*Exercise materials*.
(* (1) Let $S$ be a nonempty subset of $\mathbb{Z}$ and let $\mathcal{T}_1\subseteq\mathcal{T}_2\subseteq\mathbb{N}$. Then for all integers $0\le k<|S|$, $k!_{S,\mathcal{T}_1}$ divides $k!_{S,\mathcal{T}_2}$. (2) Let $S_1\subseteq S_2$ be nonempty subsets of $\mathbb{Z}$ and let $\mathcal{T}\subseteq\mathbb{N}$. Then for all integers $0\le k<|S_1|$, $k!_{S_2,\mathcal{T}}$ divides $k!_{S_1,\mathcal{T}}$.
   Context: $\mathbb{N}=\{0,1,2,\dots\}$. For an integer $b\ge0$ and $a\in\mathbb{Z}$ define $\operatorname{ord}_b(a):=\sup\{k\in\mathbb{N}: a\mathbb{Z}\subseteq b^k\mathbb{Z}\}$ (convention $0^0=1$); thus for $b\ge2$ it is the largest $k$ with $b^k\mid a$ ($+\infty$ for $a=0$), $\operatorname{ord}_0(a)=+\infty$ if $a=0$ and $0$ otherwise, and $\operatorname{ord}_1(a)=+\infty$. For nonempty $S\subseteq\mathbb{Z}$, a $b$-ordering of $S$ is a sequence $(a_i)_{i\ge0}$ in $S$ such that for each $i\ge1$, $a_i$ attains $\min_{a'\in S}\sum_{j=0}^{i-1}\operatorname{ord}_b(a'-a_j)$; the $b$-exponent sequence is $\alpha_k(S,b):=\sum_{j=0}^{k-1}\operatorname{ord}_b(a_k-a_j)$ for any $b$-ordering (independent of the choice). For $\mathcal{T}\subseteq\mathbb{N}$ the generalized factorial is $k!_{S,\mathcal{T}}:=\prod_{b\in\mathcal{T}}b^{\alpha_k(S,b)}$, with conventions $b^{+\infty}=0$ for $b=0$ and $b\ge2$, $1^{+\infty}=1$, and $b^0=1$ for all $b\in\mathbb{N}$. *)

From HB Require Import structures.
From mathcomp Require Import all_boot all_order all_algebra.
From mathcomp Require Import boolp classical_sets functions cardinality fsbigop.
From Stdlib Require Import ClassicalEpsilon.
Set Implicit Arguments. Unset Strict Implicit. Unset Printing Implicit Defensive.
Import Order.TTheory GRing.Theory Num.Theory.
* * *
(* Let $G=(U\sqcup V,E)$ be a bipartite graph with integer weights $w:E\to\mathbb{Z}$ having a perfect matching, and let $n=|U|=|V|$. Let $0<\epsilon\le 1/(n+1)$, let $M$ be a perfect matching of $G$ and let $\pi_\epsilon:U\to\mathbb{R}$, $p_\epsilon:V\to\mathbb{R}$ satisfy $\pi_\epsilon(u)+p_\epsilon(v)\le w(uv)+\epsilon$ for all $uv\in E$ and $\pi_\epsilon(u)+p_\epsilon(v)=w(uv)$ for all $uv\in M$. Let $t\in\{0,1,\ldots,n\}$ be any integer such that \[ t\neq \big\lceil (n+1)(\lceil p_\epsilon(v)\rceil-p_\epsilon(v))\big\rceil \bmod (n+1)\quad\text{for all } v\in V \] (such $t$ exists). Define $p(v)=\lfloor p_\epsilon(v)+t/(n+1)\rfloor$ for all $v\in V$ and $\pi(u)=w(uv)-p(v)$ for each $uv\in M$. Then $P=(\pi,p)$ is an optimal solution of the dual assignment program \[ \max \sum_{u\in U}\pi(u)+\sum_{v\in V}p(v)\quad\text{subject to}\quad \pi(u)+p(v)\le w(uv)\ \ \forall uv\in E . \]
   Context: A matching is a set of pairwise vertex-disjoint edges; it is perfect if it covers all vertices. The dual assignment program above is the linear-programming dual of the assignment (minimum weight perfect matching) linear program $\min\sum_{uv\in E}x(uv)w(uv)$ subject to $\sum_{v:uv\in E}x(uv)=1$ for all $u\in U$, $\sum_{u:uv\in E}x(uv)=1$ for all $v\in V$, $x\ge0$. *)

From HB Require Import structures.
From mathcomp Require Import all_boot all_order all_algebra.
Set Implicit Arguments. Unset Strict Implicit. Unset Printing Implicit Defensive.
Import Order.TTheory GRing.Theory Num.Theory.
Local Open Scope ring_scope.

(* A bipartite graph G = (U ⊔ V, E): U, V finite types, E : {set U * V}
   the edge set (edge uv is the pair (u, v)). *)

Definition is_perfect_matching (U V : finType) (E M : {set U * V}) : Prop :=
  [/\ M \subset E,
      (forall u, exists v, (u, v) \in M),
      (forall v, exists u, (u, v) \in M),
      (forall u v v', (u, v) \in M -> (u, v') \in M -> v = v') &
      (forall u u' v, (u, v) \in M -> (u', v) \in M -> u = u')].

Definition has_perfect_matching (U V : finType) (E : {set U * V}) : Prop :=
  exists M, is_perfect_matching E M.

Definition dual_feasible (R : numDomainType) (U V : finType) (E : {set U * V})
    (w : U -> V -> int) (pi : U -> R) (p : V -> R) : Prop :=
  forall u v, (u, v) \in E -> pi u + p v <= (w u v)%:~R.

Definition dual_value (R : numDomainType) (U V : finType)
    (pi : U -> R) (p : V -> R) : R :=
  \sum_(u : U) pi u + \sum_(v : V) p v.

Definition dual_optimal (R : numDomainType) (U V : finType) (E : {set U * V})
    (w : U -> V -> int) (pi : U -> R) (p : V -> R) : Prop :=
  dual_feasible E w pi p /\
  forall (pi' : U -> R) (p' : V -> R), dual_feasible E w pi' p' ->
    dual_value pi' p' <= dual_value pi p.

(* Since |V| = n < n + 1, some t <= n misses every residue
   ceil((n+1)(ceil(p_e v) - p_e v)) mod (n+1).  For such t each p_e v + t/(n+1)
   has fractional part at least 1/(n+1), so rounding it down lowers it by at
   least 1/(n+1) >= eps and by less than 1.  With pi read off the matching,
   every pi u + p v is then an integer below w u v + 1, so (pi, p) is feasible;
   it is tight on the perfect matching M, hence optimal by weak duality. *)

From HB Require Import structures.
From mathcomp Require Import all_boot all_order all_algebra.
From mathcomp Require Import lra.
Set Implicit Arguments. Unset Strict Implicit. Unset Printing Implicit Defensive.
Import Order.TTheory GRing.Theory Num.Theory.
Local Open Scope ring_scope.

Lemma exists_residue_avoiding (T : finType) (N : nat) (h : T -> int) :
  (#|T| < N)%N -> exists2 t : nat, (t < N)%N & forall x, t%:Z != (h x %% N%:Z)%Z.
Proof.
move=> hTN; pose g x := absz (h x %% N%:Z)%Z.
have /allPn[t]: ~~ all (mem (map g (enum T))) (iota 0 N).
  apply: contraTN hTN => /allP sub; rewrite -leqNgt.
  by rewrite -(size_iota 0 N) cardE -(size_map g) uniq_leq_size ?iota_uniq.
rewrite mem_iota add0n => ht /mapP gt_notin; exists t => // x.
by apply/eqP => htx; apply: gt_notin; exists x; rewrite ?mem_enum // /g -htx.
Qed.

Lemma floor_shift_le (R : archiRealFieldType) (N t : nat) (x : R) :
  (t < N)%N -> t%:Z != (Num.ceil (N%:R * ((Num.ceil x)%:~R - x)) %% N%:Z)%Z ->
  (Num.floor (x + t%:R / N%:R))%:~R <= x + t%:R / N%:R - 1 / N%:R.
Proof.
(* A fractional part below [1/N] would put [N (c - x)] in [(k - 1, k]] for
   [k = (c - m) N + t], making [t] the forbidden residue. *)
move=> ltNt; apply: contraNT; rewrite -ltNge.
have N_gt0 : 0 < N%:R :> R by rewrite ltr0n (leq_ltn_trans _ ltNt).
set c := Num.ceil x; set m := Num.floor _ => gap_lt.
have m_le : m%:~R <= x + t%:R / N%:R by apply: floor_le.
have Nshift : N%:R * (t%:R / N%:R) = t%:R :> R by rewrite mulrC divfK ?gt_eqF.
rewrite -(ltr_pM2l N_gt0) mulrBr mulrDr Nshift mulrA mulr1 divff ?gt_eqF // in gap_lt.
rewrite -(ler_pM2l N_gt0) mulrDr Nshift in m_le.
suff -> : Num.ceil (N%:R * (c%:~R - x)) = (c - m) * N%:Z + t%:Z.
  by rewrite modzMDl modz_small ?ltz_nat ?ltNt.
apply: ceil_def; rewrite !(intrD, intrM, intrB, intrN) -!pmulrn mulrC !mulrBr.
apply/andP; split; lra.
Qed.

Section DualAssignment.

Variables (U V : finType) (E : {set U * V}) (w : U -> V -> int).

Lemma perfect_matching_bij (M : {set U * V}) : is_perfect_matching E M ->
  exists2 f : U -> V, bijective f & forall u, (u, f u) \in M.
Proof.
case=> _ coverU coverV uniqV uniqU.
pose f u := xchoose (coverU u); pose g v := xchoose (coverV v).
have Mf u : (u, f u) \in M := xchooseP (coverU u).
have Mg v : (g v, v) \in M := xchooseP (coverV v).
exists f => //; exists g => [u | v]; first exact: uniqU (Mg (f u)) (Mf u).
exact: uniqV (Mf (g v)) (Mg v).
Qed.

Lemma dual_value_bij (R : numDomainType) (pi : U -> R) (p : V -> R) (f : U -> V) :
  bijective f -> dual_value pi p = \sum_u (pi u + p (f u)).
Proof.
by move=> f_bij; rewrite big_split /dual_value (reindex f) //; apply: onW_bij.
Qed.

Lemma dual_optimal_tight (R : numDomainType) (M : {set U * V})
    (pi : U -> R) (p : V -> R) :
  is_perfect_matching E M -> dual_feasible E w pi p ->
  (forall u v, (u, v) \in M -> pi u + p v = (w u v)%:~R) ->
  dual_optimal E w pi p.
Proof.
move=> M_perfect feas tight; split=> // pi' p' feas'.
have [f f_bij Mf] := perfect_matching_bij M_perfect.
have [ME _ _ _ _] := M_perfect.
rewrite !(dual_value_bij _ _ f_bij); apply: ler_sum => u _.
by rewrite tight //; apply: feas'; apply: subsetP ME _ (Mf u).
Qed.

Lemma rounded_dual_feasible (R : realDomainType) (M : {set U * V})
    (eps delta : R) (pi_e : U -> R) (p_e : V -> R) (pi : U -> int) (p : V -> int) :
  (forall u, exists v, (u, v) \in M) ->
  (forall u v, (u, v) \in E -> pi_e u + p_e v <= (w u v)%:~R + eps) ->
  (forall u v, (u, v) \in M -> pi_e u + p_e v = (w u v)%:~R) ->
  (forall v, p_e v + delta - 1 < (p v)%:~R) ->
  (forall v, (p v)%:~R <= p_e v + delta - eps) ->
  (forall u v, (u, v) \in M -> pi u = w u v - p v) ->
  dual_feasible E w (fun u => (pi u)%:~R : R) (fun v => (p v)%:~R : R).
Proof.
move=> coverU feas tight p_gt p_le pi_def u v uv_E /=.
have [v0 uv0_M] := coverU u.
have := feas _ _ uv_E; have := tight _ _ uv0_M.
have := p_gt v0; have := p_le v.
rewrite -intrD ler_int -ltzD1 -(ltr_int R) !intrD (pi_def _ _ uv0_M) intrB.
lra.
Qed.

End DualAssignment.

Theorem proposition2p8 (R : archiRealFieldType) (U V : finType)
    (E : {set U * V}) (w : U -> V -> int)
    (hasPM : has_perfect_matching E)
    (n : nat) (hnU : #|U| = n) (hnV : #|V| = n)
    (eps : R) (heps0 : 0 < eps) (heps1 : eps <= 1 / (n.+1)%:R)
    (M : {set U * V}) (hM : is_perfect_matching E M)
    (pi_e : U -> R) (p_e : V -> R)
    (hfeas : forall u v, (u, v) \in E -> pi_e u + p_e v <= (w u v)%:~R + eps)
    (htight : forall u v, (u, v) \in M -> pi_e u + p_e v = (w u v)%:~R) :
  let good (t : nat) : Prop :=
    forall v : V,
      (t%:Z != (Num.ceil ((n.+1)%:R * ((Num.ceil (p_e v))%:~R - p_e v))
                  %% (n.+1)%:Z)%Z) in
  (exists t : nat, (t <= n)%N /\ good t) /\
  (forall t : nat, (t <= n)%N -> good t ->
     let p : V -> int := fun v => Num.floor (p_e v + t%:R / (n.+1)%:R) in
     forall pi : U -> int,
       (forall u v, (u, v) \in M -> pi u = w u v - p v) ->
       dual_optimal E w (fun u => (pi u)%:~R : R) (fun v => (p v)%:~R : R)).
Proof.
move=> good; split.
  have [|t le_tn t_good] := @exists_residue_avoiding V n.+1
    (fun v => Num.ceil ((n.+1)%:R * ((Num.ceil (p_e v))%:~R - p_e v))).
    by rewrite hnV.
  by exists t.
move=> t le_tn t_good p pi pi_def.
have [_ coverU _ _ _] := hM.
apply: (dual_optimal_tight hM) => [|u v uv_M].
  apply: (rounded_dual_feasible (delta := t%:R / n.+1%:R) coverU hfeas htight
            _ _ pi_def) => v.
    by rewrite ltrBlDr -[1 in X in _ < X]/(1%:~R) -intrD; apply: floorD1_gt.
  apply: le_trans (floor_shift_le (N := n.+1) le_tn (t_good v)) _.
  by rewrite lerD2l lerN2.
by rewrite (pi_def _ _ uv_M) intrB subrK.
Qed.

*Aim of the exercise*.
Extract from the listing above the lines between the line containing "move=> coverU feas" and the line containing "End DualAssignment.", keeping both of those lines. Output nothing else.

*Result of the task*.
move=> coverU feas tight p_gt p_le pi_def u v uv_E /=.
have [v0 uv0_M] := coverU u.
have := feas _ _ uv_E; have := tight _ _ uv0_M.
have := p_gt v0; have := p_le v.
rewrite -intrD ler_int -ltzD1 -(ltr_int R) !intrD (pi_def _ _ uv0_M) intrB.
lra.
Qed.

End DualAssignment.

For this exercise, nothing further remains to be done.